(* Let $\mathbb{C}$ be a locally small category and $\mathbb{C}_{\mathit{fin}}$ a full subcategory satisfying (C1)–(C5) below. Let $F\in\mathrm{Ob}(\mathbb{C})$ be locally finite and let $U:\mathbb{C}^*\to\mathbb{C}$ be a reasonable precompact expansion with unique restrictions which separates points. Then (a) $\mathcal{S}_F=\{N(e,\mathcal{A}):U(\mathcal{A})\in\mathrm{Ob}(\mathbb{C}_{\mathit{fin}}),\ e\in\hom(U(\mathcal{A}),F)\}$ is a base consisting of clopen sets of a topology $\sigma_F$ on $U^{-1}(F)$; and (b) $U^{-1}(F)$ with the topology $\sigma_F$ is a Hausdorff space.
   Context: Write $A\to B$ if $\hom(A,B)\ne\varnothing$. Conditions: (C1) all morphisms of $\mathbb{C}$ are monomorphisms; (C2) $\mathrm{Ob}(\mathbb{C}_{\mathit{fin}})$ is a set; (C3) $\hom(A,B)$ is finite for $A,B\in\mathrm{Ob}(\mathbb{C}_{\mathit{fin}})$; (C4) for every $F\in\mathrm{Ob}(\mathbb{C})$ there is $A\in\mathrm{Ob}(\mathbb{C}_{\mathit{fin}})$ with $A\to F$; (C5) for every $B\in\mathrm{Ob}(\mathbb{C}_{\mathit{fin}})$ the set $\{A\in\mathrm{Ob}(\mathbb{C}_{\mathit{fin}}):A\to B\}$ is finite. $F$ is locally finite if for all $A,B\in\mathrm{Ob}(\mathbb{C}_{\mathit{fin}})$, $e\in\hom(A,F)$, $f\in\hom(B,F)$ there exist $D\in\mathrm{Ob}(\mathbb{C}_{\mathit{fin}})$, $r\in\hom(D,F)$, $p\in\hom(A,D)$, $q\in\hom(B,D)$ with $r\cdot p=e$, $r\cdot q=f$, such that for every $H\in\mathrm{Ob}(\mathbb{C})$, $r'\in\hom(H,F)$, $p'\in\hom(A,H)$, $q'\in\hom(B,H)$ with $r'\cdot p'=e$, $r'\cdot q'=f$ there is $s\in\hom(D,H)$ with $r'\cdot s=r$, $s\cdot p=p'$, $s\cdot q=q'$. An expansion of $\mathbb{C}$ is a locally small category $\mathbb{C}^*$ with a functor $U:\mathbb{C}^*\to\mathbb{C}$ surjective on objects and injective on hom-sets; we regard $\hom_{\mathbb{C}^*}(\mathcal{A},\mathcal{B})\subseteq\hom_{\mathbb{C}}(U\mathcal{A},U\mathcal{B})$, and $U^{-1}(A)=\{\mathcal{A}:U(\mathcal{A})=A\}$. $U$ is reasonable if for every $e\in\hom(A,B)$ and $\mathcal{A}\in U^{-1}(A)$ there is $\mathcal{B}\in U^{-1}(B)$ with $e\in\hom(\mathcal{A},\mathcal{B})$; it has unique restrictions if for every $\mathcal{B}\in\mathrm{Ob}(\mathbb{C}^* )$ and $e\in\hom(A,U(\mathcal{B}))$ there is exactly one $\mathcal{A}\in U^{-1}(A)$ with $e\in\hom(\mathcal{A},\mathcal{B})$, denoted $\mathcal{B}|_e$; it is precompact if $U^{-1}(A)$ is a set for every $A\in\mathrm{Ob}(\mathbb{C})$ and finite for $A\in\mathrm{Ob}(\mathbb{C}_{\mathit{fin}})$; it separates points if for every $F\in\mathrm{Ob}(\mathbb{C})$ and all distinct $\mathcal{F}_1,\mathcal{F}_2\in U^{-1}(F)$ there are $A\in\mathrm{Ob}(\mathbb{C}_{\mathit{fin}})$ and $e\in\hom(A,F)$ with $\mathcal{F}_1|_e\ne\mathcal{F}_2|_e$. For $e\in\hom(A,F)$ and $\mathcal{A}\in U^{-1}(A)$, $N(e,\mathcal{A})=\{\mathcal{F}\in U^{-1}(F):e\in\hom(\mathcal{A},\mathcal{F})\}$. *)

From Stdlib Require Import List.
Set Implicit Arguments.
Unset Strict Implicit.

Record Category := {
  Ob :> Type;
  Hom : Ob -> Ob -> Type;
  idm : forall A, Hom A A;
  comp : forall A B C, Hom B C -> Hom A B -> Hom A C;   (* comp g f = g . f *)
  comp_assoc : forall A B C D (h : Hom C D) (g : Hom B C) (f : Hom A B),
      comp h (comp g f) = comp (comp h g) f;
  comp_id_l : forall A B (f : Hom A B), comp (idm B) f = f;
  comp_id_r : forall A B (f : Hom A B), comp f (idm A) = f
}.
Arguments Hom {c} A B.
Arguments idm {c} A.
Arguments comp {c A B C} _ _.

Record Functor (D C : Category) := {
  Fobj :> Ob D -> Ob C;
  Fmor : forall A B : Ob D, Hom A B -> Hom (Fobj A) (Fobj B);
  Fmor_id : forall A, Fmor (idm A) = idm (Fobj A);
  Fmor_comp : forall A B E (g : Hom B E) (f : Hom A B),
      Fmor (comp g f) = comp (Fmor g) (Fmor f)
}.
Arguments Fmor {D C} f {A B} _ : rename.

Definition arr (C : Category) (A B : Ob C) : Prop := inhabited (Hom A B).

Definition castHom (C : Category) (A A' B B' : Ob C) (p : A = A') (q : B = B')
  (f : Hom A B) : Hom A' B' :=
  match p in _ = X, q in _ = Y return Hom X Y with eq_refl, eq_refl => f end.

(* Conditions (C1)-(C5) on a full subcategory given by the object predicate fin *)
Definition C1 (C : Category) : Prop :=
  forall (A B E : Ob C) (f : Hom A B) (g h : Hom E A), comp f g = comp f h -> g = h.
(* (C2): Ob(C_fin) is a set -- automatic, objects of C_fin form the type {A | fin A}. *)
Definition C3 (C : Category) (fin : Ob C -> Prop) : Prop :=
  forall A B : Ob C, fin A -> fin B ->
    exists l : list (Hom A B), forall f, In f l.
Definition C4 (C : Category) (fin : Ob C -> Prop) : Prop :=
  forall F : Ob C, exists A, fin A /\ arr A F.
Definition C5 (C : Category) (fin : Ob C -> Prop) : Prop :=
  forall B : Ob C, fin B ->
    exists l : list (Ob C), forall A, fin A -> arr A B -> In A l.

Definition locally_finite (C : Category) (fin : Ob C -> Prop) (F : Ob C) : Prop :=
  forall (A B : Ob C) (e : Hom A F) (f : Hom B F), fin A -> fin B ->
    exists (D : Ob C) (r : Hom D F) (p : Hom A D) (q : Hom B D),
      fin D /\ comp r p = e /\ comp r q = f /\
      forall (H : Ob C) (r' : Hom H F) (p' : Hom A H) (q' : Hom B H),
        comp r' p' = e -> comp r' q' = f ->
        exists s : Hom D H, comp r' s = r /\ comp s p = p' /\ comp s q = q'.

Definition expansion (Cs C : Category) (U : Functor Cs C) : Prop :=
  (forall A : Ob C, exists As : Ob Cs, U As = A) /\
  (forall (As Bs : Ob Cs) (g h : Hom As Bs), Fmor U g = Fmor U h -> g = h).

(* e \in hom(As, Bs), for e : hom(A,B), U As = A, U Bs = B *)
Definition mem_hom (Cs C : Category) (U : Functor Cs C) (A B : Ob C) (e : Hom A B)
  (As Bs : Ob Cs) : Prop :=
  exists (p : U As = A) (q : U Bs = B) (g : Hom As Bs), castHom p q (Fmor U g) = e.

Definition reasonable (Cs C : Category) (U : Functor Cs C) : Prop :=
  forall (A B : Ob C) (e : Hom A B) (As : Ob Cs), U As = A ->
    exists Bs : Ob Cs, mem_hom U e As Bs.

Definition unique_restrictions (Cs C : Category) (U : Functor Cs C) : Prop :=
  forall (Bs : Ob Cs) (A : Ob C) (e : Hom A (U Bs)),
    exists! As : Ob Cs, mem_hom U e As Bs.

(* U^{-1}(A) is always a set (a subtype of Ob Cs); finiteness for A in C_fin *)
Definition precompact (Cs C : Category) (U : Functor Cs C) (fin : Ob C -> Prop) : Prop :=
  forall A : Ob C, fin A -> exists l : list (Ob Cs), forall As, U As = A -> In As l.

(* using unique restrictions, F1|_e and F2|_e are the unique As with e in hom(As, Fi) *)
Definition separates_points (Cs C : Category) (U : Functor Cs C) (fin : Ob C -> Prop) : Prop :=
  forall (F : Ob C) (F1 F2 : Ob Cs), U F1 = F -> U F2 = F -> F1 <> F2 ->
    exists (A : Ob C) (e : Hom A F) (A1 A2 : Ob Cs),
      fin A /\ mem_hom U e A1 F1 /\ mem_hom U e A2 F2 /\ A1 <> A2.

Definition fibre (Cs C : Category) (U : Functor Cs C) (F : Ob C) : Type :=
  { Fs : Ob Cs | U Fs = F }.

Definition Nset (Cs C : Category) (U : Functor Cs C) (F A : Ob C) (e : Hom A F)
  (As : Ob Cs) : fibre U F -> Prop :=
  fun x => mem_hom U e As (proj1_sig x).

Definition S_F (Cs C : Category) (U : Functor Cs C) (fin : Ob C -> Prop) (F : Ob C)
  : (fibre U F -> Prop) -> Prop :=
  fun S => exists (As : Ob Cs) (e : Hom (U As) F), fin (U As) /\ S = Nset e As.

Definition is_topology (X : Type) (tau : (X -> Prop) -> Prop) : Prop :=
  tau (fun _ => False) /\ tau (fun _ => True) /\
  (forall O1 O2, tau O1 -> tau O2 -> tau (fun x => O1 x /\ O2 x)) /\
  (forall fam : (X -> Prop) -> Prop, (forall O, fam O -> tau O) ->
     tau (fun x => exists O, fam O /\ O x)).

Definition is_base_of (X : Type) (S tau : (X -> Prop) -> Prop) : Prop :=
  (forall B, S B -> tau B) /\
  (forall O, tau O -> forall x, O x -> exists B, S B /\ B x /\ forall y, B y -> O y).

Definition clopen (X : Type) (tau : (X -> Prop) -> Prop) (B : X -> Prop) : Prop :=
  tau B /\ tau (fun x => ~ B x).

Definition hausdorff (X : Type) (tau : (X -> Prop) -> Prop) : Prop :=
  forall x y : X, x <> y -> exists O1 O2, tau O1 /\ tau O2 /\ O1 x /\ O2 y /\
    forall z, ~ (O1 z /\ O2 z).

Arguments S_F {Cs C} U fin F _.
Arguments Nset {Cs C} U {F A} e As _.

(** The topology is the one generated by [S_F].  Every point of the fibre has
    exactly one restriction along each [e : A -> F], so for a fixed [e] the
    sets [N(e, A)] partition the fibre; hence each of them is clopen, and
    separation of points yields disjoint basic neighbourhoods.  Two basic sets
    [N(e1, A1)] and [N(e2, A2)] containing a point meet in a basic set: local
    finiteness factors [e1] and [e2] through a common [r : D -> F] with [D]
    finite, and [N(r, D)] around the point lies in both. *)
From Stdlib Require Import Eqdep.
Set Implicit Arguments.
Unset Strict Implicit.

Section GeneratedTopology.

Variables (X : Type) (S : (X -> Prop) -> Prop).

Definition generated_topology (O : X -> Prop) : Prop :=
  forall x, O x -> exists B, S B /\ B x /\ forall y, B y -> O y.

Lemma generated_topology_base : is_base_of S generated_topology.
Proof.
  split; [|intros O HO; exact HO].
  intros B HB x Bx. exists B. auto.
Qed.

Lemma generated_topology_is_topology :
  (forall x, exists B, S B /\ B x) ->
  (forall B1 B2 x, S B1 -> S B2 -> B1 x -> B2 x ->
     exists B, S B /\ B x /\ forall y, B y -> B1 y /\ B2 y) ->
  is_topology generated_topology.
Proof.
  intros cover meet. split; [|split; [|split]].
  - intros x [].
  - intros x _. destruct (cover x) as [B [HB Bx]]. exists B. auto.
  - intros O1 O2 H1 H2 x [O1x O2x].
    destruct (H1 x O1x) as [B1 [HB1 [B1x B1O1]]].
    destruct (H2 x O2x) as [B2 [HB2 [B2x B2O2]]].
    destruct (meet B1 B2 x HB1 HB2 B1x B2x) as [B [HB [Bx BB]]].
    exists B. split; [exact HB | split; [exact Bx|]].
    intros y By. destruct (BB y By). auto.
  - intros fam Hfam x [O [HO Ox]].
    destruct (Hfam O HO x Ox) as [B [HB [Bx BO]]].
    exists B. split; [exact HB | split; [exact Bx|]].
    intros y By. exists O. auto.
Qed.

Lemma generated_topology_clopen (B : X -> Prop) :
  S B ->
  (forall x, ~ B x -> exists B', S B' /\ B' x /\ forall y, B' y -> ~ B y) ->
  clopen generated_topology B.
Proof.
  intros HB complement. split; [|exact complement].
  apply generated_topology_base, HB.
Qed.

Lemma generated_topology_hausdorff :
  (forall x y, x <> y -> exists B1 B2, S B1 /\ S B2 /\ B1 x /\ B2 y /\
     forall z, ~ (B1 z /\ B2 z)) ->
  hausdorff generated_topology.
Proof.
  intros separate x y xy.
  destruct (separate x y xy) as [B1 [B2 [HB1 [HB2 [B1x [B2y disj]]]]]].
  exists B1, B2.
  split; [apply generated_topology_base, HB1|].
  split; [apply generated_topology_base, HB2|].
  auto.
Qed.

End GeneratedTopology.

Section Restrictions.

Variables (Cs C : Category) (U : Functor Cs C).

Lemma mem_hom_dom (A B : Ob C) (e : Hom A B) As Bs :
  mem_hom U e As Bs -> U As = A.
Proof. intros [p _]. exact p. Qed.

Lemma mem_hom_comp (A B D : Ob C) (f : Hom A B) (g : Hom B D) As Bs Ds :
  mem_hom U f As Bs -> mem_hom U g Bs Ds -> mem_hom U (comp g f) As Ds.
Proof.
  intros [p [q [f' Hf]]] [p' [q' [g' Hg]]].
  subst A B D. rewrite (UIP_refl _ _ p') in Hg. simpl in Hf, Hg. subst f g.
  exists eq_refl, eq_refl, (comp g' f'). apply Fmor_comp.
Qed.

Hypothesis UR : unique_restrictions U.

Lemma restriction_exists (A B : Ob C) (e : Hom A B) Bs :
  U Bs = B -> exists As, mem_hom U e As Bs.
Proof.
  intros HB. subst B. destruct (@UR Bs A e) as [As [HAs _]]. eauto.
Qed.

Lemma restriction_unique (A B : Ob C) (e : Hom A B) A1 A2 Bs :
  mem_hom U e A1 Bs -> mem_hom U e A2 Bs -> A1 = A2.
Proof.
  intros H1 H2. destruct H1 as [p [q H1']].
  subst B. destruct (@UR Bs A e) as [As [_ uniq]].
  rewrite <- (uniq A1), <- (uniq A2); auto.
  exists p, eq_refl. exact H1'.
Qed.

End Restrictions.

Section BasicSets.

Variables (Cs C : Category) (U : Functor Cs C) (fin : Ob C -> Prop) (F : Ob C).
Hypothesis UR : unique_restrictions U.

Lemma fibre_eq (x y : fibre U F) : proj1_sig x = proj1_sig y -> x = y.
Proof. apply eq_sig_hprop. intros Fs p q. apply UIP. Qed.

Lemma S_F_Nset (A : Ob C) (e : Hom A F) As :
  fin A -> U As = A -> S_F U fin F (Nset U e As).
Proof. intros HA HAs. subst A. exists As, e. auto. Qed.

Lemma Nset_restriction (x : fibre U F) (A : Ob C) (e : Hom A F) :
  exists As, U As = A /\ Nset U e As x.
Proof.
  destruct (restriction_exists UR e (proj2_sig x)) as [As HAs].
  exists As. split; [exact (mem_hom_dom HAs) | exact HAs].
Qed.

Lemma S_F_cover : C4 fin -> forall x, exists B, S_F U fin F B /\ B x.
Proof.
  intros c4 x. destruct (c4 F) as [A [HA [e]]].
  destruct (Nset_restriction x e) as [As [HAs Ax]].
  exists (Nset U e As). split; [apply S_F_Nset|]; assumption.
Qed.

Lemma S_F_meet : locally_finite fin F ->
  forall B1 B2 x, S_F U fin F B1 -> S_F U fin F B2 -> B1 x -> B2 x ->
    exists B, S_F U fin F B /\ B x /\ forall y, B y -> B1 y /\ B2 y.
Proof.
  intros LF B1 B2 x [A1 [e1 [fin1 ->]]] [A2 [e2 [fin2 ->]]] A1x A2x.
  destruct (LF _ _ e1 e2 fin1 fin2) as [D [r [p [q [finD [Hp [Hq _]]]]]]].
  destruct (Nset_restriction x r) as [Ds [HDs Dx]].
  destruct (restriction_exists UR p HDs) as [P1 HP1].
  destruct (restriction_exists UR q HDs) as [P2 HP2].
  assert (D_P1 : forall y, Nset U r Ds y -> Nset U e1 P1 y).
  { intros y Dy. rewrite <- Hp. exact (mem_hom_comp HP1 Dy). }
  assert (D_P2 : forall y, Nset U r Ds y -> Nset U e2 P2 y).
  { intros y Dy. rewrite <- Hq. exact (mem_hom_comp HP2 Dy). }
  assert (P1_A1 : P1 = A1) by exact (restriction_unique UR (D_P1 x Dx) A1x).
  assert (P2_A2 : P2 = A2) by exact (restriction_unique UR (D_P2 x Dx) A2x).
  subst P1 P2.
  exists (Nset U r Ds). split; [apply S_F_Nset; assumption|]. auto.
Qed.

Lemma S_F_complement B : S_F U fin F B ->
  forall x, ~ B x -> exists B', S_F U fin F B' /\ B' x /\ forall y, B' y -> ~ B y.
Proof.
  intros [As [e [finA ->]]] x Ax.
  destruct (Nset_restriction x e) as [As' [HAs' A'x]].
  exists (Nset U e As'). split; [apply S_F_Nset; assumption|]. split; [exact A'x|].
  intros y A'y Ay. apply Ax.
  rewrite <- (restriction_unique UR Ay A'y) in A'x. exact A'x.
Qed.

Lemma S_F_separates : separates_points U fin ->
  forall x y : fibre U F, x <> y ->
    exists B1 B2, S_F U fin F B1 /\ S_F U fin F B2 /\ B1 x /\ B2 y /\
      forall z, ~ (B1 z /\ B2 z).
Proof.
  intros SP x y xy.
  assert (xy' : proj1_sig x <> proj1_sig y) by (intro E; apply xy, fibre_eq, E).
  destruct (SP F _ _ (proj2_sig x) (proj2_sig y) xy')
    as [A [e [A1 [A2 [finA [A1x [A2y A12]]]]]]].
  exists (Nset U e A1), (Nset U e A2).
  split; [apply S_F_Nset; [exact finA | exact (mem_hom_dom A1x)]|].
  split; [apply S_F_Nset; [exact finA | exact (mem_hom_dom A2y)]|].
  split; [exact A1x|]. split; [exact A2y|].
  intros z [A1z A2z]. exact (A12 (restriction_unique UR A1z A2z)).
Qed.

End BasicSets.

Theorem proposition5p7 (C : Category) (fin : Ob C -> Prop)
  (Cs : Category) (U : Functor Cs C) (F : Ob C) :
  C1 C -> C3 fin -> C4 fin -> C5 fin ->
  locally_finite fin F ->
  expansion U -> reasonable U -> precompact U fin -> unique_restrictions U ->
  separates_points U fin ->
  exists tau : (fibre U F -> Prop) -> Prop,
    is_topology tau /\ is_base_of (S_F U fin F) tau /\
    (forall B, S_F U fin F B -> clopen tau B) /\
    hausdorff tau.
Proof.
  intros _ _ c4 _ LF _ _ _ UR SP.
  exists (generated_topology (S_F U fin F)).
  split; [|split; [|split]].
  - apply generated_topology_is_topology.
    + exact (S_F_cover UR c4).
    + exact (S_F_meet UR LF).
  - apply generated_topology_base.
  - intros B HB. apply generated_topology_clopen; [exact HB|].
    exact (S_F_complement UR HB).
  - apply generated_topology_hausdorff. exact (S_F_separates UR SP).
Qed.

____

__ACTION ITEM__: Set down nothing but the lines from the one containing "exists B1 B2, S_F" through the final line above, exactly as written.

__ANSWER TO THE EXERCISE__:
    exists B1 B2, S_F U fin F B1 /\ S_F U fin F B2 /\ B1 x /\ B2 y /\
      forall z, ~ (B1 z /\ B2 z).
Proof.
  intros SP x y xy.
  assert (xy' : proj1_sig x <> proj1_sig y) by (intro E; apply xy, fibre_eq, E).
  destruct (SP F _ _ (proj2_sig x) (proj2_sig y) xy')
    as [A [e [A1 [A2 [finA [A1x [A2y A12]]]]]]].
  exists (Nset U e A1), (Nset U e A2).
  split; [apply S_F_Nset; [exact finA | exact (mem_hom_dom A1x)]|].
  split; [apply S_F_Nset; [exact finA | exact (mem_hom_dom A2y)]|].
  split; [exact A1x|]. split; [exact A2y|].
  intros z [A1z A2z]. exact (A12 (restriction_unique UR A1z A2z)).
Qed.

End BasicSets.

Theorem proposition5p7 (C : Category) (fin : Ob C -> Prop)
  (Cs : Category) (U : Functor Cs C) (F : Ob C) :
  C1 C -> C3 fin -> C4 fin -> C5 fin ->
  locally_finite fin F ->
  expansion U -> reasonable U -> precompact U fin -> unique_restrictions U ->
  separates_points U fin ->
  exists tau : (fibre U F -> Prop) -> Prop,
    is_topology tau /\ is_base_of (S_F U fin F) tau /\
    (forall B, S_F U fin F B -> clopen tau B) /\
    hausdorff tau.
Proof.
  intros _ _ c4 _ LF _ _ _ UR SP.
  exists (generated_topology (S_F U fin F)).
  split; [|split; [|split]].
  - apply generated_topology_is_topology.
    + exact (S_F_cover UR c4).
    + exact (S_F_meet UR LF).
  - apply generated_topology_base.
  - intros B HB. apply generated_topology_clopen; [exact HB|].
    exact (S_F_complement UR HB).
  - apply generated_topology_hausdorff. exact (S_F_separates UR SP).
Qed.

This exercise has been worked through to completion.